Rodent HIMF has two human analogues: resistin and RELMβ. HIMF might be functionally more similar to human resistin because they share similar expression patterns [25]. Specifically, mouse HIMF and human resistin are expressed in myeloid cells and are highly inducible. Clinical investigations have demonstrated a positive correlation between the circulating levels of resistin and the risk of MI [29, 43]. Others have suggested that resistin has pro-inflammatory properties, as recombinant resistin can activate pro-inflammatory cytokine expression in human peripheral blood mononuclear cells and monocytic THP-1 cells [2]. For the translational purpose, we infected THP-1 cells with adenovirus overexpressing human resistin (ad-RETN, Supplementary Fig. 10).

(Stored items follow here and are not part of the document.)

(* Let $p>2$ be a prime and let $L$ be a Latin square of order $p$ with parity type $(k,m)$, and let $\mathfrak A(L)$ be its autotopy group. (i) If $k\neq0$ or $m\neq0$, then $p^2$ does not divide $|\mathfrak A(L)|$. (ii) If $k\neq0$ and $m\neq0$, then $p$ does not divide $|\mathfrak A(L)|$. (iii) If the parity type of $L$ is $(0,0)$ but $L$ is not isotopic to the Cayley table of $\mathbb Z_p$, then $p^2$ does not divide $|\mathfrak A(L)|$.
   Context: A Latin square of order $n$ is an $n\times n$ array with entries in $[n]$, each symbol once in each row and column. An isotopism $(\alpha,\beta,\gamma)\in S_n^3$ acts by $(\alpha,\beta,\gamma)(L)=L'$ with $L'(\alpha(r),\beta(c))=\gamma(L(r,c))$; two squares are isotopic if one is mapped to the other by an isotopism. The autotopy group $\mathfrak A(L)$ is $\{\Theta\in S_n^3:\Theta(L)=L\}$. Rows and columns are viewed as permutations: if symbol $i$ appears in the $j$th place of a row (column) $\sigma$, then $\sigma(i)=j$. The parity type of $L$ is $(k,m)$, $0\le k,m\le n/2$, if $k$ of its rows have one sign and the other $n-k$ rows the opposite sign, and $m$ of its columns have one sign and the other $n-m$ columns the opposite sign. *)

From mathcomp Require Import all_boot all_fingroup.
Set Implicit Arguments. Unset Strict Implicit. Unset Printing Implicit Defensive.
Local Open Scope group_scope.

Definition square (n : nat) := {ffun 'I_n * 'I_n -> 'I_n}.

Definition latin n (L : square n) : Prop :=
  (forall r, injective (fun c => L (r, c))) /\
  (forall c, injective (fun r => L (r, c))).

Definition row_perm n (L : square n) (r : 'I_n) : option {perm 'I_n} :=
  [pick s : {perm 'I_n} | [forall i, L (r, s i) == i]].
Definition col_perm n (L : square n) (c : 'I_n) : option {perm 'I_n} :=
  [pick s : {perm 'I_n} | [forall i, L (s i, c) == i]].

Definition row_odd n (L : square n) r : bool :=
  if row_perm L r is Some s then odd_perm s else false.
Definition col_odd n (L : square n) c : bool :=
  if col_perm L c is Some s then odd_perm s else false.

Definition parity_type n (L : square n) : nat * nat :=
  (minn #|[set r | row_odd L r]| #|[set r | ~~ row_odd L r]|,
   minn #|[set c | col_odd L c]| #|[set c | ~~ col_odd L c]|).

Definition isotopism n := ({perm 'I_n} * {perm 'I_n} * {perm 'I_n})%type.

(* (alpha,beta,gamma)(L) = L' with L'(alpha r, beta c) = gamma (L (r, c)). *)
Definition isotope n (t : isotopism n) (L : square n) : square n :=
  let: (a, b, g) := t in
  [ffun rc : 'I_n * 'I_n => g (L (a^-1 rc.1, b^-1 rc.2))].

Definition isotopic n (L L' : square n) : Prop :=
  exists t : isotopism n, isotope t L = L'.

Definition autotopy n (L : square n) : {set isotopism n} :=
  [set t : isotopism n | isotope t L == L].

Lemma ord_pos n (i : 'I_n) : 0 < n.
Proof. by case: i => i /=; apply: leq_ltn_trans. Qed.

Definition cayley n : square n :=
  [ffun rc : 'I_n * 'I_n =>
     Ordinal (ltn_pmod (rc.1 + rc.2) (ord_pos rc.1))].

From mathcomp Require Import all_boot all_fingroup cyclic pgroup.
Set Implicit Arguments. Unset Strict Implicit. Unset Printing Implicit Defensive.
Local Open Scope group_scope.

(* View row r as the permutation rho r : c |-> L (r, c) (the inverse of the
   row permutation of the statement, with the same sign). An autotopy (a, b, g)
   satisfies b * rho (a r) = rho r * g, so when its order is odd (hence b and
   g are even) a preserves row parity; if moreover a is a nontrivial element
   of order p, it is a p-cycle and all rows have the same parity. Hence an
   autotopy of order p (Cauchy) kills the row or the column classes. Since p^2
   does not divide p! = |S_p|, when p^2 divides |A(L)| both kernels of
   (a, b, g) |-> a and (a, b, g) |-> b contain elements of order p (Cauchy);
   one with a = 1 has b <> 1, killing the column parity classes, and the other
   kills the row classes. An autotopy (1, b, g) of order p also gives
   L (r, b^j c0) = g^j (L (r, c0)), which after numbering columns and symbols
   along the p-cycles b and g is the Cayley table of Z_p. *)

Lemma odd_permX (T : finType) (s : {perm T}) k :
  odd_perm (s ^+ k) = odd k && odd_perm s.
Proof.
elim: k => [|k IHk]; first by rewrite expg0 odd_perm1.
by rewrite expgS odd_permM IHk /=; case: (odd_perm s); case: (odd k).
Qed.

Lemma odd_perm_odd_order (T : finType) (s : {perm T}) :
  odd #[s] -> odd_perm s = false.
Proof. by move=> odd_s; have := odd_permX s #[s]; rewrite expg_order odd_perm1 odd_s. Qed.

Lemma minn_card_sign_classes (T : finType) (f : pred T) x :
  (forall y, f y = f x) -> minn #|[set y | f y]| #|[set y | ~~ f y]| = 0.
Proof.
move=> f_const; case fx: (f x).
  suff -> : [set y | ~~ f y] = set0 by rewrite cards0 minn0.
  by apply/setP => y; rewrite !inE f_const fx.
suff -> : [set y | f y] = set0 by rewrite cards0 min0n.
by apply/setP => y; rewrite !inE f_const fx.
Qed.

Lemma prime_not_dvd_fact p k : prime p -> k < p -> ~~ (p %| k`!).
Proof.
move=> p_pr; elim: k => [|k IHk] lt_k_p; first by rewrite dvdn1 gtn_eqF ?prime_gt1.
by rewrite factS Euclid_dvdM // negb_or gtnNdvd // IHk // ltnW.
Qed.

Lemma prime_sq_not_dvd_fact p : prime p -> ~~ (p ^ 2 %| p`!).
Proof.
case: p => // p p_pr.
by rewrite factS expnS expn1 dvdn_pmul2l // prime_not_dvd_fact.
Qed.

Lemma prime_dvd_kerI (aT rT : finGroupType) (D G : {group aT})
    (f : {morphism D >-> rT}) p :
  prime p -> G \subset D -> p ^ 2 %| #|G| -> ~~ (p ^ 2 %| #|f @* G|) ->
  p %| #|G :&: 'ker f|.
Proof.
move=> p_pr sGD p2G; apply: contraR => p'K.
have p2'K : coprime (p ^ 2) #|G :&: 'ker f| by rewrite coprimeXl // prime_coprime.
by rewrite card_morphim (setIidPr sGD) -(Gauss_dvdr _ p2'K) LagrangeI.
Qed.

Lemma order_prime_nt (gT : finGroupType) (x : gT) p :
  prime p -> #[x] %| p -> x != 1 -> #[x] = p.
Proof. by move=> p_pr dvd_xp x1; apply/(prime_nt_dvdP p_pr) => //; rewrite order_eq1. Qed.

Lemma prime_order_neq1 (gT : finGroupType) (x : gT) p : prime p -> #[x] = p -> x != 1.
Proof. by move=> p_pr ox; rewrite -order_gt1 ox prime_gt1. Qed.

Lemma Cauchy_ker_perm (aT : finGroupType) (D G : {group aT}) p
    (f : {morphism D >-> {perm 'I_p}}) :
  prime p -> G \subset D -> p ^ 2 %| #|G| -> {x | x \in G :&: 'ker f & #[x] = p}.
Proof.
move=> p_pr sGD p2G; apply: Cauchy => //; apply: prime_dvd_kerI => //.
apply: contraNN (prime_sq_not_dvd_fact p_pr) => /dvdn_trans-> //.
by rewrite -card_Sn -cardsT cardSg ?subsetT.
Qed.

Section PrimeCycle.
Variables (p : nat) (g : {perm 'I_p}) (x : 'I_p).
Hypotheses (p_pr : prime p) (g_order : #[g] = p).

Lemma cycle_coord_inj : injective (fun k : 'I_p => (g ^+ k) x).
Proof.
(* g is a p-cycle, so no nontrivial power of g fixes x. *)
have Cg1 : 'C_<[g]>[x | 'P] = 1 by apply: perm_prime_astab; rewrite card_ord.
move=> i j eq_ij; apply/val_inj/eqP.
suff : g ^+ i == g ^+ j by rewrite eq_expg_mod_order g_order !modn_small.
rewrite -(mulgKV (g ^+ j) (g ^+ i)) -[X in _ == X]mul1g.
suff : g ^+ i * (g ^+ j)^-1 \in 'C_<[g]>[x | 'P] by rewrite Cg1 => /set1gP->.
rewrite inE groupM ?groupV ?mem_cycle //=; apply/astab1P.
by rewrite /= apermE permM /= eq_ij -permM mulgV perm1.
Qed.

Definition cycle_coord := perm cycle_coord_inj.

Lemma cycle_coordE k : cycle_coord k = (g ^+ k) x.
Proof. by rewrite permE. Qed.

Lemma cycle_coordV_expg j y :
  val (cycle_coord^-1 ((g ^+ j) y)) = (j + cycle_coord^-1 y) %% p.
Proof.
have gp : g ^+ p = 1 by have := expg_order g; rewrite g_order.
have lt_jy : (j + cycle_coord^-1 y) %% p < p by rewrite ltn_pmod ?prime_gt0.
rewrite -{1}(permKV cycle_coord y) cycle_coordE -[(g ^+ j) _]permM.
rewrite -expgD addnC -(expg_mod _ gp) -[(j + _) %% p]/(val (Ordinal lt_jy)).
by rewrite -cycle_coordE permK.
Qed.

End PrimeCycle.

Section IsotopismComponents.
Variable n : nat.

Definition isotopism_row_morphism :=
  @Morphism _ _ [set: isotopism n] (fun t : isotopism n => t.1.1) (in2W (fun _ _ => erefl)).
Definition isotopism_col_morphism :=
  @Morphism _ _ [set: isotopism n] (fun t : isotopism n => t.1.2) (in2W (fun _ _ => erefl)).
Definition isotopism_symbol_morphism :=
  @Morphism _ _ [set: isotopism n] (fun t : isotopism n => t.2) (in2W (fun _ _ => erefl)).

Lemma order_isotopism_row (t : isotopism n) : #[t.1.1] %| #[t].
Proof. exact (morph_order isotopism_row_morphism (in_setT t)). Qed.

Lemma order_isotopism_col (t : isotopism n) : #[t.1.2] %| #[t].
Proof. exact (morph_order isotopism_col_morphism (in_setT t)). Qed.

Lemma order_isotopism_symbol (t : isotopism n) : #[t.2] %| #[t].
Proof. exact (morph_order isotopism_symbol_morphism (in_setT t)). Qed.

Lemma isotopism_eq1 (t : isotopism n) : t.1.1 = 1 -> t.1.2 = 1 -> t.2 = 1 -> t = 1.
Proof. by case: t => [[a b] g] /= -> -> ->. Qed.

End IsotopismComponents.

Section LatinSquare.
Variables (n : nat) (L : square n).

Lemma autotopyP (t : isotopism n) :
  reflect (forall r c, L (t.1.1 r, t.1.2 c) = t.2 (L (r, c))) (t \in autotopy L).
Proof.
case: t => [[a b] g]; rewrite inE; apply: (iffP eqP) => /= [isoL r c | autoL].
  by rewrite -{1}isoL ffunE /= !permK.
by apply/ffunP => -[r c]; rewrite ffunE /= -autoL !permKV.
Qed.

Lemma autotopy_group_set : group_set (autotopy L).
Proof.
apply/group_setP; split; first by apply/autotopyP => r c; rewrite !perm1.
move=> t u /autotopyP Lt /autotopyP Lu; apply/autotopyP => r c.
by rewrite !permM Lu Lt.
Qed.

Canonical autotopy_group := Group autotopy_group_set.

Hypothesis hL : latin L.

Lemma row_oddE r : row_odd L r = odd_perm (perm (hL.1 r)).
Proof.
have rowK i : L (r, (perm (hL.1 r))^-1 i) = i.
  by have := permKV (perm (hL.1 r)) i; rewrite permE.
rewrite /row_odd /row_perm; case: pickP => [s /forallP Ls | /(_ (perm (hL.1 r))^-1)].
  suff -> : s = (perm (hL.1 r))^-1 by rewrite odd_permV.
  by apply/permP => i; apply: (hL.1 r); rewrite /= (eqP (Ls i)) rowK.
by move/forallP; case=> i; rewrite rowK.
Qed.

By comparing the expression of M1 and M2 genes, we found the increased expression of M1 proinflammatory genes (i.e. NOS2, TNFα, IL-1β) and decreased M2 reparative gene (i.e. IL-10) upon RETN expression. This supports resistin shares the function similarity with HIMF. We thus speculate that our findings on HIMF might be extended to resistin, and resistin might serve as a novel promising target for the treatment of MI. Since no such studies investigating whether the resistin is majorly expressed from macrophage of MI patients, the clinical significance of macrophage-resistin under the MI background wroth being further explored.